The package does not validate structuredResult against your schema — it only forwards what the provider produced. Hosts run their own validation (Zod, AJV, etc.).

Provider fallback router

createRouterRuntime({ host, chain }) wraps the standard runtime with an ordered chain of model references.

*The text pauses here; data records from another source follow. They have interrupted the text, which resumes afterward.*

Record center := Center { center_val : R; center_valP : central center_val }.
HB.instance Definition _ := [isSub for center_val].
HB.instance Definition _ := [Choice of center by <:].
HB.instance Definition _ :=
  GRing.SubChoice_isSubUnitRing.Build R central center central_divring_closed.

Lemma center_valC (c : center) (y : R) : GRing.comm (val c) y.
Proof. exact: (centralP _ (valP c)). Qed.

Lemma center_mulC : commutative (@GRing.mul center).
Proof. by move=> c d; apply: val_inj; rewrite /= center_valC. Qed.
HB.instance Definition _ := GRing.PzSemiRing_hasCommutativeMul.Build center center_mulC.

Lemma center_field_axiom :
  (forall x : R, x != 0 -> x \is a GRing.unit) -> GRing.field_axiom center.
Proof.
move=> R_division c c_neq0; apply: R_division.
by apply: contra c_neq0 => /eqP c0; apply/eqP/val_inj.
Qed.

Lemma prod_center_valM (I : eqType) (r : seq I) (c : I -> center) (f : I -> R) :
  \prod_(i <- r) (val (c i) * f i) = val (\prod_(i <- r) c i) * \prod_(i <- r) f i.
Proof. by rewrite prodrM_comm ?rmorph_prod // => i j _ _; apply: center_valC. Qed.

Lemma standard_poly_central_comb (B : finType) (a : B -> R) n (U : 'I_n -> B -> center) :
  standard_poly (fun t => \sum_b val (U t b) * a b) =
  \sum_(f : {ffun 'I_n -> B}) val (\prod_t U t (f t)) * standard_poly (fun t => a (f t)).
Proof.
rewrite /standard_poly; under [RHS]eq_bigr => f _ do rewrite big_distrr.
rewrite exchange_big /=; apply: eq_bigr => s _.
rewrite bigA_distr_bigA big_distrr /=.
rewrite (reindex_inj (h := fun g : {ffun 'I_n -> B} => [ffun t => g (s t)])); last first.
  by move=> g h /ffunP eq_gh; apply/ffunP => k; have := eq_gh (s^-1 k)%g; rewrite !ffunE permKV.
apply: eq_bigr => g _; under eq_bigr do rewrite ffunE.
rewrite prod_center_valM mulrA -center_valC -mulrA; congr (val _ * _).
by rewrite [RHS](reindex_inj (@perm_inj _ s)).
Qed.

Lemma standard_identity_central_span (B : finType) (a : B -> R) n :
    (#|B| < n)%N -> forall y : 'I_n -> R,
  (forall t, exists u : B -> center, y t = \sum_b val (u b) * a b) ->
  standard_poly y = 0.
Proof.
move=> B_lt_n y /fin_all_exists[U eq_y].
rewrite (eq_standard_poly eq_y) standard_poly_central_comb big1 // => f _.
have /injectivePn[i [j neq_ij eq_fij]] : ~~ injectiveb f.
  by apply: contraL B_lt_n => /injectiveP/leq_card; rewrite card_ord -leqNgt.
by rewrite (standard_poly_alternate neq_ij) ?mulr0 //= eq_fij.
Qed.

End Center.

Definition perm_word n (s : 'S_n) : seq 'I_n := [seq s t | t <- enum 'I_n].

Lemma perm_word_inj n : injective (@perm_word n).
Proof. by move=> s t /eq_in_map eq_st; apply/permP => k; apply: eq_st; rewrite mem_enum. Qed.

Lemma PI_domain_standard (R : nzRingType) (S : R -> Prop) n :
  (forall x y, S x -> S y -> x * y = 0 -> x = 0 \/ y = 0) ->
  (forall y : 'I_n -> R, (forall t, S (y t)) -> standard_poly y = 0) ->
  PI_domain S.
Proof.
move=> S_domain S_standard; split=> //.
pose c (w : seq 'I_n) : int := \sum_(s : 'S_n | perm_word s == w) (-1) ^+ s.
have c_word s : c (perm_word s) = (-1) ^+ s.
  by rewrite /c (big_pred1 s) // => t /=; rewrite (inj_eq (@perm_word_inj n)).
exists n, [seq perm_word s | s <- enum 'S_n], c; split.
- by rewrite map_inj_uniq ?enum_uniq //; apply: perm_word_inj.
- by exists (perm_word 1); [apply: map_f; rewrite mem_enum | rewrite c_word odd_perm1].
move=> y /S_standard; apply: etrans.
rewrite big_map big_enum; apply: eq_bigr => s _.
by rewrite c_word rmorph_sign /perm_word big_map enumT.
Qed.

Lemma rV_kernel_nonzero (E : fieldType) m (A : 'M[E]_(m.+1, m)) :
  exists2 w : 'rV_m.+1, w *m A = 0 & w != 0.
Proof.
have : kermx A != 0.
  by rewrite kermx_eq0 /row_free ltn_eqF // ltnS rank_leq_col.
by case/rowV0Pn => w /sub_kermxP; exists w.
Qed.

Section FiniteOverCenter.
Variable R : unitRingType.
Hypothesis R_division : forall x : R, x != 0 -> x \is a GRing.unit.
HB.instance Definition _ :=
  GRing.ComUnitRing_isField.Build (center R) (center_field_axiom R_division).

Variables (S : R -> Prop) (B : finType) (a : B -> R).
Hypotheses (S_center : forall c : center R, S (val c))
  (S_add : forall x y, S x -> S y -> S (x + y))
  (S_mul : forall x y, S x -> S y -> S (x * y))
  (S_span : forall x, S x -> exists u : B -> center R, x = \sum_b val (u b) * a b).

Let S_sum (I : Type) (r : seq I) (f : I -> R) :
  (forall i, S (f i)) -> S (\sum_(i <- r) f i).
Proof. by move=> Sf; apply: big_ind => //; exact: (S_center 0). Qed.

Let S_exp x n : S x -> S (x ^+ n).
Proof.
move=> Sx; elim: n => [|n Sxn]; last by rewrite exprS; apply: S_mul.
by rewrite expr0; exact: (S_center 1).
Qed.

Lemma invr_central_relation x : S x -> x != 0 -> forall n (c : nat -> center R),
  \sum_(i < n) val (c i) * x ^+ i = 0 -> (exists2 i, (i < n)%N & c i != 0) -> S x^-1.
Proof.
move=> Sx /R_division x_unit; elim=> [|n IHn] c; first by move=> _ [].
rewrite big_ord_recl expr0 mulr1.
set Y := \sum_(i < n) val (c i.+1) * x ^+ i.
have -> : \sum_(i < n) val (c (bump 0 i)) * x ^+ bump 0 i = x * Y.
  by rewrite mulr_sumr; apply: eq_bigr => i _; rewrite exprS mulrA center_valC mulrA.
have SY : S Y by apply: S_sum => i; apply: S_mul; [apply: S_center | apply: S_exp].
move=> rel [i lt_in ci_neq0]; have [c0_eq0 | c0_neq0] := eqVneq (c 0%N) 0.
  apply: (IHn (fun i => c i.+1)).
    by apply: (mulrI x_unit); rewrite mulr0; move: rel; rewrite c0_eq0 rmorph0 add0r.
  case: i lt_in ci_neq0 => [|i] lt_in ci_neq0; last by exists i.
  by rewrite c0_eq0 eqxx in ci_neq0.
have c0_unit : val (c 0%N) \is a GRing.unit.
  by apply: R_division; apply: contra c0_neq0 => /eqP c0; apply/eqP/val_inj.
have -> : x^-1 = Y * val (- (c 0%N)^-1).
  have -> : Y = x^-1 * - val (c 0%N).
    by apply: (mulrI x_unit); rewrite mulVKr //; apply/eqP; rewrite -addr_eq0 addrC rel.
  by rewrite rmorphN rmorphV ?unitfE // -mulrA mulrNN mulrA mulrK.
exact: S_mul SY (S_center _).
Qed.

Lemma invr_finite_over_center x : S x -> S x^-1.
Proof.
move=> Sx; have [-> | x_neq0] := eqVneq x 0; first by rewrite invr0; exact: (S_center 0).
pose m := #|B|.
have /fin_all_exists[U eq_U] : forall i : 'I_m.+1, exists u : B -> center R,
  x ^+ i = \sum_b val (u b) * a b by move=> i; apply/S_span/S_exp.
have [w wA w_neq0] := rV_kernel_nonzero (\matrix_(i, j) U i (enum_val j)).
apply: (invr_central_relation Sx x_neq0 (c := fun i => w 0 (inord i)) (n := m.+1)).
  rewrite (eq_bigr (fun i => \sum_b val (w 0 i * U i b) * a b)); last first.
    move=> i _; rewrite inord_val eq_U mulr_sumr.
    by apply: eq_bigr => b _; rewrite rmorphM mulrA.
  rewrite exchange_big big1 // => b _; rewrite -mulr_suml -rmorph_sum.
  have -> : \sum_i w 0 i * U i b = (w *m \matrix_(i, j) U i (enum_val j)) 0 (enum_rank b).
    by rewrite mxE; apply: eq_bigr => i _; rewrite mxE enum_rankK.
  by rewrite wA mxE rmorph0 mul0r.
case/rV0Pn: w_neq0 => i wi_neq0; exists i => //; by rewrite inord_val.
Qed.

End FiniteOverCenter.

Lemma absz_modz_lt (d : nat) (a : int) : (0 < d)%N -> (`|(a %% d)%Z| < d)%N.
Proof.
move=> d_gt0; have d_neq0 : d%:Z != 0 by rewrite eqz_nat -lt0n.
by rewrite -ltz_nat abszE ger0_norm ?modz_ge0 ?ltz_pmod ?ltz_nat.
Qed.

Section QuantumTorus.
Variables (l N : nat) (K : fieldType) (z : K) (F : unitAlgType K).
Hypotheses (l_gt0 : (0 < l)%N) (z_l : z ^+ l = 1).
Hypothesis F_division : forall x : F, x != 0 -> x \is a GRing.unit.
Variables (M : vec N -> F) (L : 'M[int]_N).
Hypotheses (M_mul : forall f g, M f * M g = z ^ bil L f g *: M (f + g))
  (M0_neq0 : M 0 != 0)
  (M_generates : forall S : F -> Prop, div_subalg S -> (forall f, S (M f)) -> forall x, S x).

Lemma M0 : M 0 = 1.
Proof.
apply: (mulrI (F_division M0_neq0)).
by rewrite mulr1 M_mul addr0 /bil trmx0 !mul0mx mxE expr0z scale1r.
Qed.

Lemma expz_lmul (k : int) : z ^ (l%:Z * k) = 1.
Proof. by rewrite -exprz_exp -exprnP z_l exp1rz. Qed.

Lemma M_lscale_mul q f : M (l%:Z *: q) * M f = M (l%:Z *: q + f).
Proof. by rewrite M_mul /bil linearZ /= -!scalemxAl mxE expz_lmul scale1r. Qed.

Lemma M_lscale_comm q f : GRing.comm (M (l%:Z *: q)) (M f).
Proof.
by rewrite /GRing.comm M_lscale_mul M_mul addrC /bil -scalemxAr mxE expz_lmul scale1r.
Qed.

Lemma central_of_comm_M x : (forall f, GRing.comm x (M f)) -> central x.
Proof.
move=> x_comm; apply/centralP; apply: M_generates x_comm; split.
- exact: commr1.
- exact: commrD.
- exact: commrN.
- exact: commrM.
split=> [c y | y y_neq0 /commrV //].
by rewrite /GRing.comm -scalerAl -scalerAr => ->.
Qed.

Definition residue_vec (b : {ffun 'I_N -> 'I_l}) : vec N := \col_i (b i : nat)%:Z.
Definition vec_residue (g : vec N) : {ffun 'I_N -> 'I_l} :=
  [ffun i => Ordinal (absz_modz_lt (g i 0) l_gt0)].
Definition vec_quot (g : vec N) : vec N := map_mx (fun a => (a %/ l)%Z) g.

Lemma vec_divz_eq g : g = l%:Z *: vec_quot g + residue_vec (vec_residue g).
Proof.
apply/matrixP => i j; rewrite (ord1 j) !mxE ffunE /=.
have l_neq0 : l%:Z != 0 by rewrite eqz_nat -lt0n.
by rewrite abszE ger0_norm ?modz_ge0 // mulrC -divz_eq.
Qed.

Lemma central_M_lscale q : central (M (l%:Z *: q)).
Proof. exact/central_of_comm_M/M_lscale_comm. Qed.

Definition M_lscale_center (q : vec N) : center F := Center (central_M_lscale q).

Lemma central_scalar (k : K) : central (k%:A : F).
Proof. by apply/centralP => y; rewrite /GRing.comm mulr_algl mulr_algr. Qed.

Definition scalar_center (k : K) : center F := Center (central_scalar k).

Definition central_span (x : F) : Prop :=
  exists s : seq (center F * vec N), x = \sum_(p <- s) val p.1 * M p.2.

Lemma central_span_center (c : center F) : central_span (val c).
Proof. by exists [:: (c, 0)]; rewrite big_seq1 M0 mulr1. Qed.

Lemma central_span_M f : central_span (M f).
Proof. by exists [:: (1, f)]; rewrite big_seq1 rmorph1 mul1r. Qed.

Lemma central_span_add x y : central_span x -> central_span y -> central_span (x + y).
Proof. by move=> [s ->] [t ->]; exists (s ++ t); rewrite big_cat. Qed.

Lemma central_span_mul x y : central_span x -> central_span y -> central_span (x * y).
Proof.
move=> [s ->] [t ->].
exists [seq (p.1 * q.1 * scalar_center (z ^ bil L p.2 q.2), p.2 + q.2) | p <- s, q <- t].
rewrite big_allpairs_dep mulr_suml; apply: eq_bigr => p _.
rewrite mulr_sumr; apply: eq_bigr => q _.
rewrite /= -!mulrA; congr (_ * _).
rewrite [in RHS]mulr_algl -M_mul [in RHS]mulrA [in LHS]mulrA; congr (_ * _).
exact/commr_sym/center_valC.
Qed.

Lemma central_span_residues x : central_span x ->
  exists u : {ffun 'I_N -> 'I_l} -> center F, x = \sum_b val (u b) * M (residue_vec b).
Proof.
move=> [s ->].
exists (fun b => \sum_(p <- s | vec_residue p.2 == b) p.1 * M_lscale_center (vec_quot p.2)).
under [RHS]eq_bigr do rewrite rmorph_sum mulr_suml.
rewrite (exchange_big_dep predT) //=; apply: eq_bigr => p _.
rewrite (big_pred1 (vec_residue p.2)) => [|b]; last by rewrite eq_sym.
by rewrite -mulrA M_lscale_mul -vec_divz_eq.
Qed.

Lemma central_spanT x : central_span x.
Proof.
have central_span_cmul (c : center F) y : central_span y -> central_span (val c * y).
  exact/central_span_mul/central_span_center.
apply: M_generates (central_span_M) x; split.
- exact: (central_span_center 1).
- exact: central_span_add.
- by move=> y /(central_span_cmul (-1)); rewrite rmorphN1 mulN1r.
- exact: central_span_mul.
split=> [k y /(central_span_cmul (scalar_center k)) | y _].
  by rewrite /= mulr_algl.
exact: (invr_finite_over_center F_division central_span_center central_span_add
  central_span_mul central_span_residues).
Qed.

Lemma torus_PI_domain (S : F -> Prop) : PI_domain S.
Proof.
apply: (@PI_domain_standard _ _ #|{ffun 'I_N -> 'I_l}|.+1).
  move=> x y _ _ xy0; have [-> | /F_division x_unit] := eqVneq x 0; first by left.
  by right; rewrite -(mulKr x_unit y) xy0 mulr0.
move=> y _; apply: (standard_identity_central_span (a := fun b => M (residue_vec b))) => //.
by move=> t; apply/central_span_residues/central_spanT.
Qed.

End QuantumTorus.

Lemma toric_frame_neq0 l N (K : fieldType) (z : K) (F : unitAlgType K)
    (M : vec N -> F) (L : 'M[int]_N) f :
  toric_frame_with l z M L -> M f != 0.
Proof.
case=> _ _ M_free _; apply/eqP => Mf0.
have one_inA : inA z 1 by exists 1; rewrite rmorph1 hornerC.
have := M_free [:: f] (fun _ => 1) erefl (fun _ => one_inA).
rewrite big_seq1 scale1r Mf0 => /(_ erefl f).
by rewrite mem_seq1 eqxx => /(_ erefl)/eqP; rewrite oner_eq0.
Qed.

On a retryable provider failure (rate limit, overload, network blip — classified via the same taxonomy as retryableProviderFailureInfo), it retries the same logical run against the next chain entry, replaying the transcript-tail snapshot of the previous attempt so the next provider continues rather than starts over.

import { createRouterRuntime } from "@worklab-ai/agent-runtime";

const router = createRouterRuntime({
  host: { /* same shape as createRuntime */ },
  chain: [
    { sdk: "claude", model: "claude-opus-4-7" },
    { sdk: "claude", model: "claude-sonnet-4-6" },
    { model: { sdk: "pi", provider: "openai", model: "gpt-5.5" }, requires: { structured_output: true } },
  ],
});

const result = await router.run("...", { /* same shape as runtime.run */ });
console.log(result.failoverHistory);
// [{ model, failureKind, requestId, retryableSubkind }, ...]  one entry per attempt that didn't succeed.

Behaviour:

  • Successful run on entry N → returns the result with failoverHistory set to attempts 0..N-1.
  • Retryable failure → emits provider_failover_started, builds a transcript snapshot, and retries on the next entry.
  • Non-retryable failure (auth, billing, invalid request) → returns immediately with failoverHistory containing the one attempt.
  • Cancellation → returns immediately.
  • Chain exhausted → failureKind: "provider_unavailable_exhausted", failoverHistory lists every attempt.

Chain entries can require backend capabilities via requires: { structured_output: true, supports_mcp: true, ... }; entries that don't satisfy the requirements are skipped (logged in failoverHistory as failureKind: "skipped_capability_mismatch").

Observers & metrics

The runtime emits structured events for everything that happens during a run — assistant messages, tool calls, runtime warnings, cache hits/misses, cost updates, provider request start/end, approval lifecycle. Hosts can subscribe via host.observers[] (any number) or the simpler options.onEvent callback (one subscriber). Both work simultaneously.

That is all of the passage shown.